Expected Behaviour of the algorithm
I have two strings a
and b
, with a
being the shorter string. I would like to find the substring of b
, that has the biggest similarity to a
. The substring has to be of len(a)
, or has to be placed at the end of b
.
e.g. for the following two strings:
a = "aa"
b = "bbaba"
the possible substrings of b would be
"bb"
"ba"
"ab"
"ba"
"a"
""
The edit distance is defined as amount of Insertions and Deletion. Substitutions are not possible (Insertion + Deletion has to be used instead). The similarity between the two strings is calulated according to the following equation: norm = 1 - distance / (len(a) + len(substring))
.
So the substrings above would provide the following results:
"bb" -> 2 DEL + 2 INS -> 1 - 4 / 4 = 0
"ba" -> 1 DEL + 1 INS -> 1 - 2 / 4 = 0.5
"ab" -> 1 DEL + 1 INS -> 1 - 2 / 4 = 0.5
"ba" -> 1 DEL + 1 INS -> 1 - 2 / 4 = 0.5
"a" -> 1 INS -> 1 - 1 / 3 = 0.66
"" -> 2 INS -> 1 - 2 / 2 = 0
So the algorithm should return 0.66.
Different implementations
A similar ratio is implemented by the Python library FuzzyWuzzy in the form of fuzz.partial_ratio
. It calculates the ratio in two steps:
searches for matching subsequences in the longer sequence using difflib.SequenceMatcher.get_matching_blocks
calculates the ratio for substrings of len(shorter_string) starting at the matching subsequences and returns the maximum ratio
This is really slow, so it uses python-Levenshtein for this similarity calculation when it is available. This performs the same calculation based on the Levenshtein distance, which is faster. However in edge cases the calculated matching_blocks used for the ratio calculation is completely wrong (see issue 16), which does not make it a suitable replacement, when the correctness is relevant.
Current implementation
I currently use a C++ port of difflib in combination with a fast bitparallel implementation of the Levenshtein distance with the weights insertion=1, deletion=1 and substitution=2. The current implementation can be found here:
- extracting matching_blocks: matching_blocks
- calculating weighted Levenshtein: weighted Levenshtein
- combining them to calculate the end ratio: partial_ratio
Question
Is there a faster algorithm to calculate this kind of similarity.
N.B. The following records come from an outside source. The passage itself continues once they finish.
(* Let $\mathcal{C}$ be a simplicial complex on $[n]$, with $\mathcal{A}_{\mathcal{C}}$ indexed by $\{0,1\}$-vectors. Then the set \[K=\Big\{\sum_{\mathbf{j}\in\{0,1\}^S}(-1)^{\|\mathbf{j}\|_1}e_{\mathbf{i},\mathbf{j}} : S \text{ a minimal non-face of } \mathcal{C},\ \mathbf{i}\in\{0,1\}^{[n]\setminus S}\Big\}\] spans $\ker(\mathcal{A}_{\mathcal{C}})$. Furthermore, if $M'$ is the matrix whose columns are the elements of $K$, then multiplying a suitable set of rows and columns of $M'$ by $-1$ yields the matrix $M$ whose columns are the vectors $\sum_{\mathbf{j}\in\{0,1\}^S}e_{\mathbf{i},\mathbf{j}}$, for $S$ a minimal non-face of $\mathcal{C}$ and $\mathbf{i}\in\{0,1\}^{[n]\setminus S}$ (with columns indexed in the same way).
   Context: A simplicial complex on $[n]$ is a family of subsets of $[n]$ closed under subsets; facets are inclusion-maximal faces; a minimal non-face is a subset of $[n]$ not in $\mathcal{C}$ all of whose proper subsets are in $\mathcal{C}$. Here $\mathcal{A}_{\mathcal{C}}$ is the $0/1$ matrix with columns indexed by $\mathbf{k}\in\{0,1\}^n$ and rows indexed by pairs $(F,\mathbf{e})$, $F$ a facet, $\mathbf{e}\in\{0,1\}^F$, with entry $1$ iff $\mathbf{e}=\mathbf{k}|_F$. For $S\subseteq[n]$, $\mathbf{j}\in\{0,1\}^S$ and $\mathbf{i}\in\{0,1\}^{[n]\setminus S}$, $e_{\mathbf{i},\mathbf{j}}\in\mathbb{R}^{\{0,1\}^n}$ is the standard basis vector at the index $\mathbf{k}$ with $\mathbf{k}|_S=\mathbf{j}$ and $\mathbf{k}|_{[n]\setminus S}=\mathbf{i}$. $\|\mathbf{j}\|_1$ is the number of ones in $\mathbf{j}$. *)

From mathcomp Require Import all_boot all_order all_algebra.
Set Implicit Arguments. Unset Strict Implicit. Unset Printing Implicit Defensive.
Import Order.TTheory GRing.Theory Num.Theory.
Local Open Scope ring_scope.
(* Let $G$ be a finite graph obtained by the following growth process. Start from a complete graph $K_{n_0}$ with $n_0\ge 2$ (the initial simplex). At each step, choose an integer $n\ge 2$, choose one of the previously added simplexes $\sigma$ (each simplex being the vertex set of a complete subgraph added at an earlier step, or the initial one), and choose a nonempty subset $S\subseteq\sigma$ with $1\le |S|\le n-1$ (a face of $\sigma$). Then add $n-|S|$ new vertices to the graph, and add edges so that $S$ together with the new vertices induces a complete graph $K_n$; this $K_n$ is recorded as a newly added simplex. No other edges are added. Then $G$ is connected and $\delta(G)\le 1$, i.e. for every four vertices $A,B,C,D$ of $G$ labelled so that $d(A,B)+d(C,D)\le d(A,C)+d(B,D)\le d(A,D)+d(B,C)$ one has $$\frac{\big(d(A,D)+d(B,C)\big)-\big(d(A,C)+d(B,D)\big)}{2}\le 1 .$$ In particular this holds regardless of whether some edges of the attached simplexes are marked as ''defect'' edges (the marking only changes which faces may be chosen, not the resulting graph).
   Context: $d(U,V)$ denotes the shortest-path (graph) distance between vertices $U,V$ of $G$. The (Gromov four-point) hyperbolicity parameter $\delta(G)$ of a connected graph $G$ is the maximum, over all quadruples of vertices $A,B,C,D$, of $(\mathcal L-\mathcal M)/2$, where $\mathcal L$ is the largest and $\mathcal M$ the middle of the three sums $d(A,B)+d(C,D)$, $d(A,C)+d(B,D)$, $d(A,D)+d(B,C)$. A simplex of order $q_{max}=n-1$ is a complete graph on $n$ vertices; a face of order $q$ of a simplex is a complete subgraph on $q+1$ of its vertices. *)

From Stdlib Require Import Arith List Lia.
Import ListNotations.

(* A graph: number of vertices N (vertices are 0..N-1) and an edge relation. *)
Definition graph_rel := nat -> nat -> Prop.

Definition clique_rel (s : list nat) : graph_rel :=
  fun u v => In u s /\ In v s /\ u <> v.

(* [grown N E Ss] : the graph with vertices 0..N-1 and edge relation E is
   obtained by the growth process, and Ss is the list of all simplexes
   (vertex sets of the added complete subgraphs) added so far, including
   the initial one. *)
Inductive grown : nat -> graph_rel -> list (list nat) -> Prop :=
| grown_init (n0 : nat) :
    2 <= n0 ->
    grown n0 (clique_rel (seq 0 n0)) [seq 0 n0]
| grown_step (N : nat) (E : graph_rel) (Ss : list (list nat))
    (sigma S : list nat) (n : nat) :
    grown N E Ss ->
    2 <= n ->
    In sigma Ss ->
    incl S sigma -> NoDup S ->
    1 <= length S -> length S <= n - 1 ->
    grown (N + (n - length S))
          (fun u v => E u v \/ clique_rel (S ++ seq N (n - length S)) u v)
          ((S ++ seq N (n - length S)) :: Ss).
Requirements are:
- only uses Replacement/Insertion (or gives substitutions the weight 2, which has a similar effect)
- allows a gap at the beginning of the longer string
- allows a gap at the end of the longer string, as long as the remaining substring does not become shorter, than the length of the shorter string.
- optimally it enforces, that the substring has a similar length (when it is not in the end), so it matches the behaviour of FuzzyWuzzy, but it would be fine when it allows longer subsequences to be matched aswell: e.g. for
aaba
:aaa
this would mean, that it is allowed to useaaba
as optimal subsequence instead ofaab
.